#### [EXERCISE BRIEF]
For the material below, output exactly the span from the line with "utility V C tau g mu x = V" to the line with "assert (HW : is_derive", including both, and nothing besides.

==================================================

(* Let $N=\{1,\dots,n\}$ be a set of agents, $m>0$ a capacity, $\tau\ge 0$ and $g\ge 0$ fees, and for each $i\in N$ let $V_i:\mathbb{R}_+\to\mathbb{R}$ be strictly concave and differentiable with $V_i'(0)=\infty$ and $C_i:\mathbb{R}_+\to\mathbb{R}$ convex, differentiable and Lipschitz continuous. Let $U_i(x_i;\mu)=V_i(x_i)-C_i(x_i)-(\tau+\mu)x_i-g\,\mathbf{1}\{x_i>0\}$, $BR_i(\mu)=\arg\max_{x_i\ge 0}U_i(x_i;\mu)$ and $S(\mu)=\sum_{i=1}^nBR_i(\mu)$. If each $U_i$ is strictly concave in $x_i$, then the contract-clearing equilibrium $(\mathbf{x}^\star,\mu^\star)$ is unique.
   Context: A contract-clearing equilibrium is a pair $(\mathbf{x}^\star,\mu^\star)$ with $\mathbf{x}^\star\in\mathbb{R}_+^n$ and $\mu^\star\ge 0$ such that $x_i^\star=BR_i(\mu^\star)$ for all $i\in N$ and $S(\mu^\star)=\sum_i x_i^\star=m$. $\tau$ is a per-unit transaction fee, $g$ a fixed execution fee charged when $x_i>0$, and $\mu$ a shadow price enforcing capacity. *)

From Stdlib Require Import Reals Lra.
From Coquelicot Require Import Coquelicot.
Open Scope R_scope.

(* Agents are indexed by 0, ..., n-1 (i.e. N = {1,...,n} shifted). *)
Fixpoint sum_agents (n : nat) (f : nat -> R) : R :=
  match n with
  | O => 0
  | S k => sum_agents k f + f k
  end.

Definition strictly_concave_Rplus (f : R -> R) : Prop :=
  forall x y t, 0 <= x -> 0 <= y -> x <> y -> 0 < t < 1 ->
    t * f x + (1 - t) * f y < f (t * x + (1 - t) * y).

Definition convex_Rplus (f : R -> R) : Prop :=
  forall x y t, 0 <= x -> 0 <= y -> 0 <= t <= 1 ->
    f (t * x + (1 - t) * y) <= t * f x + (1 - t) * f y.

Definition lipschitz_Rplus (f : R -> R) : Prop :=
  exists L, forall x y, 0 <= x -> 0 <= y -> Rabs (f x - f y) <= L * Rabs (x - y).

Definition differentiable_Rplus (f : R -> R) : Prop :=
  (forall x, 0 < x -> ex_derive f x) /\
  (exists l : R, filterlim (fun h => (f h - f 0) / h) (at_right 0) (locally l)).

Definition ind_pos (x : R) : R := if Rlt_dec 0 x then 1 else 0.

Definition utility (V C : R -> R) (tau g mu x : R) : R :=
  V x - C x - (tau + mu) * x - g * ind_pos x.

Definition is_best_response (V C : R -> R) (tau g mu x : R) : Prop :=
  0 <= x /\ forall y, 0 <= y -> utility V C tau g mu y <= utility V C tau g mu x.

Definition contract_clearing_equilibrium (n : nat) (V C : nat -> R -> R)
    (tau g m : R) (x : nat -> R) (mu : R) : Prop :=
  0 <= mu /\
  (forall i, (i < n)%nat -> is_best_response (V i) (C i) tau g mu (x i)) /\
  sum_agents n x = m.

(* Revealed preference makes every best response nonincreasing in the shadow
   price. If two equilibria had prices mu1 < mu2, the allocation at mu2 would
   be pointwise below the one at mu1 while both sum to m > 0, so they agree at
   every agent, and some agent buys a positive quantity x. At an interior
   optimum the fixed fee g is a constant, so the first-order condition
   V'(x) - C'(x) = tau + mu holds at both prices, forcing mu1 = mu2. With the
   price fixed, strict concavity of U_i makes each best response unique. *)
From Stdlib Require Import Reals Lra Lia.
From Coquelicot Require Import Coquelicot.
Open Scope R_scope.

Lemma sum_agents_le (n : nat) (a b : nat -> R) :
  (forall i, (i < n)%nat -> a i <= b i) -> sum_agents n a <= sum_agents n b.
Proof.
  induction n as [|n IH]; intros Hab; simpl; [lra|].
  assert (a n <= b n) by (apply Hab; lia).
  assert (sum_agents n a <= sum_agents n b) by (apply IH; intros; apply Hab; lia).
  lra.
Qed.

Lemma sum_agents_le_eq (n : nat) (a b : nat -> R) :
  (forall i, (i < n)%nat -> a i <= b i) -> sum_agents n a = sum_agents n b ->
  forall i, (i < n)%nat -> a i = b i.
Proof.
  induction n as [|n IH]; intros Hab Hsum i Hi; simpl in Hsum; [lia|].
  assert (Hab' : forall j, (j < n)%nat -> a j <= b j) by (intros; apply Hab; lia).
  assert (Hs := sum_agents_le n a b Hab').
  assert (a n <= b n) by (apply Hab; lia).
  destruct (Nat.eq_dec i n) as [->|Hne]; [lra|].
  apply IH; [exact Hab' | lra | lia].
Qed.

Lemma sum_agents_pos (n : nat) (x : nat -> R) :
  0 < sum_agents n x -> exists i, (i < n)%nat /\ 0 < x i.
Proof.
  induction n as [|n IH]; simpl; intros H; [lra|].
  destruct (Rlt_dec 0 (x n)) as [Hp|Hp].
  - exists n; split; [lia | exact Hp].
  - destruct IH as [i [Hi Hx]]; [lra|].
    exists i; split; [lia | exact Hx].
Qed.

Lemma is_derive_local_max (f : R -> R) (a b x d : R) :
  a < x < b -> is_derive f x d -> (forall y, a < y < b -> f y <= f x) -> d = 0.
Proof.
  intros Hx Hd Hmax.
  apply is_derive_Reals in Hd.
  pose (pr := exist (fun l => derivable_pt_lim f x l) d Hd : derivable_pt f x).
  rewrite <- (derive_pt_eq_0 f x d pr Hd).
  apply (deriv_maximum f a b x pr); try lra.
  intros y Hay Hyb; apply Hmax; lra.
Qed.

Lemma utility_pos (V C : R -> R) (tau g mu x : R) : 0 < x ->
  utility V C tau g mu x = V x - C x - (tau + mu) * x - g.
Proof.
  intros Hx; unfold utility, ind_pos.
  destruct (Rlt_dec 0 x); [ring | lra].
Qed.

Lemma best_response_antitone (V C : R -> R) (tau g mu1 mu2 x1 x2 : R) :
  is_best_response V C tau g mu1 x1 -> is_best_response V C tau g mu2 x2 ->
  mu1 < mu2 -> x2 <= x1.
Proof.
  intros [Hx1 B1] [Hx2 B2] Hlt.
  specialize (B1 x2 Hx2); specialize (B2 x1 Hx1); unfold utility in *.
  nra.
Qed.

Lemma best_response_foc (V C : R -> R) (tau g mu x : R) :
  is_best_response V C tau g mu x -> 0 < x -> ex_derive V x -> ex_derive C x ->
  Derive V x - Derive C x = tau + mu.
Proof.
  intros [_ Hmax] Hx HV HC.
  set (W := fun y => V y - C y - (tau + mu) * y).
  assert (HW : is_derive W x (Derive V x - Derive C x - (tau + mu) * 1)).
  { apply (is_derive_minus (fun y => V y - C y) (fun y => (tau + mu) * y)).
    - apply (is_derive_minus V C); apply Derive_correct; assumption.
    - apply (is_derive_scal (fun y => y)), (is_derive_id (K := R_AbsRing)). }
  assert (Hd : Derive V x - Derive C x - (tau + mu) * 1 = 0).
  { apply (is_derive_local_max W 0 (2 * x) x); [lra | exact HW |].
    intros y Hy; specialize (Hmax y ltac:(lra)).
    rewrite !utility_pos in Hmax by lra.
    unfold W; lra. }
  lra.
Qed.

Lemma best_response_pos_price_eq (V C : R -> R) (tau g mu1 mu2 x : R) :
  is_best_response V C tau g mu1 x -> is_best_response V C tau g mu2 x ->
  0 < x -> ex_derive V x -> ex_derive C x -> mu1 = mu2.
Proof.
  intros B1 B2 Hx HV HC.
  pose proof (best_response_foc V C tau g mu1 x B1 Hx HV HC).
  pose proof (best_response_foc V C tau g mu2 x B2 Hx HV HC).
  lra.
Qed.

Lemma best_response_unique (V C : R -> R) (tau g mu x1 x2 : R) :
  strictly_concave_Rplus (fun x => utility V C tau g mu x) ->
  is_best_response V C tau g mu x1 -> is_best_response V C tau g mu x2 -> x1 = x2.
Proof.
  intros Hconc [Hx1 B1] [Hx2 B2].
  destruct (Req_dec x1 x2) as [Heq|Hne]; [exact Heq | exfalso].
  specialize (Hconc x1 x2 (/ 2) Hx1 Hx2 Hne ltac:(lra)); simpl in Hconc.
  specialize (B1 (/ 2 * x1 + (1 - / 2) * x2) ltac:(lra)).
  specialize (B2 x1 Hx1).
  lra.
Qed.

Section ClearingPrice.

Variables (n : nat) (m tau g : R) (V C : nat -> R -> R).
Hypothesis Hm : 0 < m.
Hypothesis HVdiff : forall i, (i < n)%nat -> forall x, 0 < x -> ex_derive (V i) x.
Hypothesis HCdiff : forall i, (i < n)%nat -> forall x, 0 < x -> ex_derive (C i) x.

Lemma clearing_price_not_lt (x1 x2 : nat -> R) (mu1 mu2 : R) :
  contract_clearing_equilibrium n V C tau g m x1 mu1 ->
  contract_clearing_equilibrium n V C tau g m x2 mu2 -> ~ mu1 < mu2.
Proof.
  intros [_ [B1 S1]] [_ [B2 S2]] Hlt.
  assert (Hle : forall i, (i < n)%nat -> x2 i <= x1 i)
    by (intros i Hi; exact (best_response_antitone _ _ _ _ _ _ _ _ (B1 i Hi) (B2 i Hi) Hlt)).
  assert (Heq := sum_agents_le_eq n x2 x1 Hle ltac:(lra)).
  destruct (sum_agents_pos n x1 ltac:(lra)) as [i [Hi Hpos]].
  assert (B2i := B2 i Hi); rewrite (Heq i Hi) in B2i.
  assert (mu1 = mu2)
    by exact (best_response_pos_price_eq _ _ _ _ _ _ _ (B1 i Hi) B2i Hpos
                (HVdiff i Hi _ Hpos) (HCdiff i Hi _ Hpos)).
  lra.
Qed.

Lemma clearing_price_unique (x1 x2 : nat -> R) (mu1 mu2 : R) :
  contract_clearing_equilibrium n V C tau g m x1 mu1 ->
  contract_clearing_equilibrium n V C tau g m x2 mu2 -> mu1 = mu2.
Proof.
  intros E1 E2.
  destruct (Rtotal_order mu1 mu2) as [Hlt|[Heq|Hgt]]; [exfalso | exact Heq | exfalso].
  - exact (clearing_price_not_lt x1 x2 mu1 mu2 E1 E2 Hlt).
  - exact (clearing_price_not_lt x2 x1 mu2 mu1 E2 E1 Hgt).
Qed.

End ClearingPrice.

Theorem theorem4p7 (n : nat) (m tau g : R) (V C : nat -> R -> R)
  (Hn : (0 < n)%nat) (Hm : 0 < m) (Htau : 0 <= tau) (Hg : 0 <= g)
  (HVconc : forall i, (i < n)%nat -> strictly_concave_Rplus (V i))
  (HVdiff : forall i, (i < n)%nat -> forall x, 0 < x -> ex_derive (V i) x)
  (HVinada : forall i, (i < n)%nat ->
     filterlim (fun x => Derive (V i) x) (at_right 0) (Rbar_locally p_infty))
  (HCconv : forall i, (i < n)%nat -> convex_Rplus (C i))
  (HCdiff : forall i, (i < n)%nat -> differentiable_Rplus (C i))
  (HClip : forall i, (i < n)%nat -> lipschitz_Rplus (C i))
  (HUconc : forall i, (i < n)%nat -> forall mu, 0 <= mu ->
     strictly_concave_Rplus (fun x => utility (V i) (C i) tau g mu x)) :
  forall (x1 x2 : nat -> R) (mu1 mu2 : R),
    contract_clearing_equilibrium n V C tau g m x1 mu1 ->
    contract_clearing_equilibrium n V C tau g m x2 mu2 ->
    mu1 = mu2 /\ (forall i, (i < n)%nat -> x1 i = x2 i).
Proof.
  intros x1 x2 mu1 mu2 E1 E2.
  assert (HCdiff_pos : forall i, (i < n)%nat -> forall x, 0 < x -> ex_derive (C i) x)
    by (intros i Hi; exact (proj1 (HCdiff i Hi))).
  assert (Hmu := clearing_price_unique n m tau g V C Hm HVdiff HCdiff_pos x1 x2 mu1 mu2 E1 E2).
  subst mu2; split; [reflexivity |].
  destruct E1 as [Hmu1 [B1 _]], E2 as [_ [B2 _]].
  intros i Hi.
  exact (best_response_unique _ _ _ _ _ _ _ (HUconc i Hi mu1 Hmu1) (B1 i Hi) (B2 i Hi)).
Qed.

==================================================

#### [EXPECTED ANSWER]
  utility V C tau g mu x = V x - C x - (tau + mu) * x - g.
Proof.
  intros Hx; unfold utility, ind_pos.
  destruct (Rlt_dec 0 x); [ring | lra].
Qed.

Lemma best_response_antitone (V C : R -> R) (tau g mu1 mu2 x1 x2 : R) :
  is_best_response V C tau g mu1 x1 -> is_best_response V C tau g mu2 x2 ->
  mu1 < mu2 -> x2 <= x1.
Proof.
  intros [Hx1 B1] [Hx2 B2] Hlt.
  specialize (B1 x2 Hx2); specialize (B2 x1 Hx1); unfold utility in *.
  nra.
Qed.

Lemma best_response_foc (V C : R -> R) (tau g mu x : R) :
  is_best_response V C tau g mu x -> 0 < x -> ex_derive V x -> ex_derive C x ->
  Derive V x - Derive C x = tau + mu.
Proof.
  intros [_ Hmax] Hx HV HC.
  set (W := fun y => V y - C y - (tau + mu) * y).
  assert (HW : is_derive W x (Derive V x - Derive C x - (tau + mu) * 1)).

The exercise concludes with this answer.